Elisha Wore Tefillin After Illness and an Angel Shielded Its Eyes
Rabbi Yannai wore tefillin three afternoons after illness. The rabbis traced the custom to Elisha, whose head shone so bright the angels had to look away.
Table of Contents
The Rule About Illness and Tefillin
There is a rule about illness and tefillin. When a person is sick, he is exempt. The body's energy goes toward healing and the spiritual practice waits. Less settled, and more interesting to the rabbis of Midrash Tehillim, is the question of what happens in the three days after recovery. The illness is over. The ordinary morning practice resumes. But those three days occupy a specific zone between sickness and full strength, and Rabbi Yannai, a third-century Palestinian amora, had a custom for them.
He would wear his tefillin in the afternoon. Not only in the morning, as the standard practice required, but in the afternoon as well, for three days following an illness. And when the Midrash asked why, the answer led backward through Elisha and through an image of angelic light that has no parallel anywhere else in the rabbinic literature.
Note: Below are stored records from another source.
(* C_p(X): continuous functions with the (subspace of the) pointwise topology;
   [set_type A] carries the initial topology induced by the inclusion. *)
Definition Cp (R : realType) (X : topologicalType) : topologicalType :=
  set_type (@cont_funs R X).

Definition separable_space (Y : topologicalType) : Prop :=
  exists D : set Y, countable D /\ dense D.

Definition sigma_compact (Y : topologicalType) : Prop :=
  exists K : nat -> set Y, (forall n, compact (K n)) /\ \bigcup_n K n = setT.

Definition homeomorphism (Y : topologicalType) (h : Y -> Y) : Prop :=
  exists g : Y -> Y, [/\ cancel h g, cancel g h, continuous h & continuous g].

Definition CDH (Y : topologicalType) : Prop :=
  separable_space Y /\
  forall D E : set Y, countable D -> dense D -> countable E -> dense E ->
    exists h : Y -> Y, homeomorphism h /\ h @` D = E.

From HB Require Import structures.
From mathcomp Require Import all_boot all_order all_algebra.
From mathcomp Require Import all_classical all_reals all_analysis.
From mathcomp Require Import borel_hierarchy lra.
Import Order.TTheory GRing.Theory Num.Theory.
Import numFieldTopology.Exports numFieldNormedType.Exports.
Local Open Scope classical_set_scope.
Local Open Scope ring_scope.

(** Let p be a point outside a countable dense set Q of X (X is uncountable)
    and p_k -> p with p_k in Q.  Adding to the members s_j of a countable
    dense subset of C_p(X) the functions c * phi_k, where the bump phi_k peaks
    at p_k, vanishes at p and tends pointwise to 0, gives a countable dense set
    D, in which the heights c grow along an enumeration.  Every f in C_p(X) is
    bounded on {p_k}, as f(p_k) -> f(p), so D meets each closed set
    F_m = {f | |f(p_k)| <= m for all k} in a finite set; points of C_p(X) are
    G_delta (X is separable), hence so is D = \bigcap_m (~F_m \cup (D \cap F_m)).
    But D \cup {rational constants} is countable, dense and not G_delta, its
    trace on the line of constants being the rationals; and homeomorphisms
    preserve G_delta sets. *)

Definition unpair (n : nat) : nat * nat := odflt (0, 0)%N (unpickle n).

Lemma unpairK : cancel pickle unpair.
Proof. by move=> x; rewrite /unpair pickleK. Qed.

Lemma countableU T (A B : set T) :
  countable A -> countable B -> countable (A `|` B).
Proof.
move=> cA cB.
have -> : A `|` B = \bigcup_(b in [set: bool]) (if b then A else B).
  apply/seteqP; split=> [x [Ax|Bx]|x [[] _ ?]]; by [exists true|exists false|left|right].
by apply: bigcup_countable => // -[].
Qed.

Lemma countable_sub_range {T} (A : set T) (a : T) :
  countable A -> exists g : nat -> T, A `<=` range g.
Proof.
move=> /countable_injP[f finj]; exists ('pinv_(fun=> a) A f) => x Ax.
by exists (f x); rewrite // pinvKV // inE.
Qed.

Section Gdelta_closure.
Context {T : topologicalType}.
Implicit Types A B : set T.

Lemma Gdelta_setU A B : Gdelta A -> Gdelta B -> Gdelta (A `|` B).
Proof.
move=> [U oU ->] [V oV ->].
exists (fun n => U (unpair n).1 `|` V (unpair n).2) => [n|]; first exact: openU.
apply/seteqP; split=> [x [xU|xV] n _|x xUV]; [left; exact: xU|right; exact: xV|].
have [xU|/existsNP[i /not_implyP[_ nUi]]] := pselect ((\bigcap_i U i) x).
  by left.
right => j _; have := xUV (pickle (i, j)) I.
by rewrite unpairK => -[].
Qed.

Lemma Gdelta_bigcap (A : nat -> set T) :
  (forall m, Gdelta (A m)) -> Gdelta (\bigcap_m A m).
Proof.
move=> GA; have /choice[U UA] : forall m, exists U : (set T)^nat,
    (forall i, open (U i)) /\ A m = \bigcap_i U i.
  by move=> m; have [U oU eU] := GA m; exists U.
exists (fun n => U (unpair n).1 (unpair n).2) => [n|]; first exact: (UA _).1.
apply/seteqP; split=> [x xA n _|x xU m _].
  by have := xA (unpair n).1 I; rewrite (UA _).2; apply.
rewrite (UA m).2 => i _.
by have := xU (pickle (m, i)) I; rewrite unpairK.
Qed.
Lemma L2attn_logits_le n d dk (X : 'M[R]_(n, d)) (gamma : R)
    (WQ WK : 'M[R]_(d, dk)) (tau : R) :
  (forall i, vnorm (row i X) <= gamma) -> 0 < tau -> forall i j,
  `|L2attn_logits X WQ WK tau i j| <=
    (specnorm WK + specnorm WQ) ^+ 2 * gamma ^+ 2 / tau.
Proof.
move=> X_le tau_gt0 i j.
have gamma_ge0 : 0 <= gamma := le_trans (vnorm_ge0 _) (X_le i).
have [WQ_ge0 WK_ge0] := (specnorm_ge0 WQ, specnorm_ge0 WK).
rewrite mxE normrM normrN normrX ger0_norm ?vnorm_ge0 // normfV gtr0_norm //.
rewrite ler_pM2r ?invr_gt0 // -exprMn.
rewrite ler_sqr ?nnegrE ?vnorm_ge0 ?mulr_ge0 ?addr_ge0 //.
apply: le_trans (vnormB_le _ _) _; rewrite mulrDl addrC.
by apply: lerD; apply: le_trans (vnorm_mulmx_le _ _) _; rewrite mulrC ler_wpM2l.
Qed.

End Softmax.

Theorem mainTheorem9 (R : realType) (n d dk : nat) (X : 'M[R]_(n, d))
  (gamma : R) (WQ WK : 'M[R]_(d, dk)) (tau : R)
  (hX : forall i : 'I_n, vnorm (row i X) <= gamma) (htau : 0 < tau) :
  let P := L2attn_logits X WQ WK tau in
  let A := softmax P in
  let alpha := maxabs P in
  alpha <= (specnorm WK + specnorm WQ) ^+ 2 * gamma ^+ 2 / tau /\
  forall WV : 'M[R]_(d, d),
    frob (HC (A *m X *m WV)) <=
      Num.sqrt (n%:R * expR (2 * alpha) / (expR (2 * alpha) + n%:R - 1))
      * specnorm WV * frob (HC X).
Proof.
move=> P A alpha; split.
  apply: maxabs_le; last exact: L2attn_logits_le.
  by apply: divr_ge0; [rewrite mulr_ge0 ?sqr_ge0 | exact: ltW].
move=> WV; set c := _ / _.
have c_ge0 : 0 <= c.
  have e_ge1 : 1 <= expR (2 * alpha).
    apply: le_trans (expR_ge1Dx _); rewrite lerDl mulr_ge0 //; exact: maxabs_ge0.
  by apply: divr_ge0; [rewrite mulr_ge0 ?expR_ge0 | have := ler0n R n; lra].
have A_row1 i : \sum_j A i j = 1.
  by apply: sum_softmax_row; exact: leq_ltn_trans (ltn_ord i).
have A_col_le j : \sum_i A i j <= c.
  by rewrite /c -mulrA; apply: sum_softmax_col_le => i t; exact: le_maxabs.
have centered :
    A *m X *m WV - const_mx 1 *m colmean (X *m WV) = A *m (HC X *m WV).
  by rewrite -[HC X *m WV]mulmxA -/(HC (X *m WV)) mulmx_HC // mulmxA.
apply: le_trans (frob_HC_le _ (colmean (X *m WV))) _; rewrite centered.
have A_ge0 := @softmax_ge0 _ _ _ P.
apply: le_trans (frob_mulmx_stochastic_le _ c_ge0 A_ge0 A_row1 A_col_le) _.
by rewrite -mulrA ler_wpM2l ?sqrtr_ge0 // mulrC frob_mulmx_le.
Qed.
A Body as Clean as Elisha's
Mar stated the principle: tefillin require a body as clean as that of Elisha the prophet. Elisha was known, in the tradition, for extraordinary physical discipline and spiritual intensity. The standard for wearing tefillin is not merely washing hands and dressing properly. It is a specific kind of bodily presence, a readiness in the flesh, that Elisha embodied so completely that he became the reference point. A body recovering from illness is working back toward that standard. The three afternoon days of extra wearing are the acknowledgment of that process.
The Letter of Aristeas, a Hellenistic Jewish text defending the wisdom of the Torah to a Greek audience, frames the tefillin differently: they are the symbol of righteousness fastened on the hand, a reminder to perform every act in memory of creation and fear of God. Going to sleep and rising up, observing the change between them. The strap on the arm is a daily anchor, a physical object tying the person to the covenant at the moment when the body transitions between states of consciousness.
The Head So Bright the Angel Shielded Its Eyes
Midrash Tehillim on Psalm 103 records the image behind the standard. When Elisha wore his tefillin, his head was so bright with divine attention that angels could not look directly at it. An angel had to shield its eyes from the light of Elisha's concentration. The tefillin-boxes on his head were not merely a leather strap and a prayer container. They were the point at which the human being and the divine presence made contact, and that contact produced light.
This image connects backward through Elijah and forward through Elisha's inheritance of the prophetic mantle. Legends of the Jews records that when Elijah ascended to heaven, the voices of the thousands of prophets of his generation fell silent. The whole chorus of prophecy collapsed into one departure. And what Elijah left behind was Elisha, who had insisted on following him to the edge of the world and who received a double portion of the spirit as his inheritance.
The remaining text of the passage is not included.